New manufacturing technologies: Breakthroughs in novel manufacturing technologies, including controlled composite processes, surface microstructural engineering, and additive manufacturing, are reshaping the vibration sensor development. Controlled composite technologies overcome the performance trade-offs of conventional composite material, enabling synergistic optimization of multi-capacities [168,169]. Surface microstructural engineering innovations (e.g., infrared thermal shaping, UV-pulsed cold processing, light-induced surface reconstruction) achieve precise microstructural control over shape-memory alloys, hydrogels, and liquid metals to improve micro-vibration detectability [170]. Additive manufacturing techniques leverage flexible multi-dimensional structuring to fabricate integrated anisotropic sensing units [171,172]. These advances drive transformative innovations in material systems and structural designs, accelerating the sensor transition to high performance and miniaturization.

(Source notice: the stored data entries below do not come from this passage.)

Lemma mu_le_itvcc (S : set R) a c n k : (n <= k)%N -> 0 <= a <= c -> a < 1 ->
  S `<=` `[a, c] -> (mu d k S <= (b%:R * (c - a) + 2 * b%:R / b%:R ^+ n)%:E)%E.
Proof.
move=> nk /andP[a0 ac] a1 S_hull; set N := b%:R ^+ n.
have N_gt0 : 0 < N := bX_gt0 n.
have aN0 : 0 <= a * N by rewrite mulr_ge0 // ltW.
have cN0 : 0 <= c * N by rewrite mulr_ge0 ?(le_trans a0 ac) // ltW.
set p := Num.truncn (a * N); set q := minn (Num.truncn (c * N)).+1 (b ^ n)%N.
have p_gt : a * N < p%:R + 1 by rewrite natr1 truncnS_gt.
have q_le : q%:R <= c * N + 1.
  apply: (@le_trans _ _ (Num.truncn (c * N)).+1%:R); first by rewrite ler_nat geq_minl.
  by rewrite -natr1 lerD2r truncn_le.
have pq : (p <= q <= b ^ n)%N.
  rewrite geq_minr andbT leq_min; apply/andP; split.
    by apply/leqW/le_truncn; rewrite ler_pM2r.
  by rewrite ltnW // truncn_lt_nat // natrX -[ltRHS]mul1r ltr_pM2r.
apply: (@le_trans _ _ (mu d k `[p%:R / N, q%:R / N[)).
  apply: mu_le => x [/S_hull]; rewrite /= !in_itv /= => /andP[ax xc] /andP[x0 x1].
  rewrite ler_pdivrMr // ltr_pdivlMr //.
  rewrite (@le_trans _ _ (a * N)) ?truncn_le ?ler_pM2r //=.
  have xN0 : 0 <= x * N by rewrite mulr_ge0 // ltW.
  rewrite -truncn_lt_nat // ltn_min ltnS le_truncn ?ler_pM2r //=.
  by rewrite truncn_lt_nat // natrX -[ltRHS]mul1r ltr_pM2r.
rewrite mu_grid // lee_fin.
have -> : b%:R * (q%:R / N - p%:R / N) = b%:R / N * (q%:R - p%:R) by field; exact: lt0r_neq0.
have -> : b%:R * (c - a) + 2 * b%:R / N = b%:R / N * (c * N - a * N + 2).
  by field; exact: lt0r_neq0.
by rewrite ler_pM2l ?divr_gt0 //; lra.
Qed.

Multi-sensor fusion strategy: Multi-sensor fusion technology relies on two core strategies to achieve precise perception and evaluation of the vibration systems. Heterogeneous sensor fusion modal integrates data from vibration sensors with different measurement principles (e.g., piezoelectric acceleration sensors, electromagnetic velocity sensors, and capacitance displacement sensors), overcoming single-sensor measurement limitations and enabling multi-perspective reconstruction of the measured object’s vibration characteristics [115]. Cross-domain sensor fusion modal jointly processes multi-source data (e.g., acceleration, strain, temperature) reflecting equipment operating states [168,173]. This strategy can construct a multi-dimensional feature space that significantly improves the monitoring data accuracy and reliability, and endows the system with adaptive robust characteristics.

Miniaturization and intelligentization: With the development of miniaturization technologies, such as MEMS, sensors and signal processing circuits can be integrated into tiny chips, featuring small size, light weight, power efficiency, mass production, and low costs [174]. They show great application potential in space-constrained fields like aerospace and biomedicine, providing innovative solutions for precision equipment-monitoring and disease diagnosis and treatment [175,176]. Intelligent sensors, by integrating sensors with smart chips, can perform real-time processing on collected vibration signals, including signal transform, feature extraction, data comparison, and even performance prediction [177,178].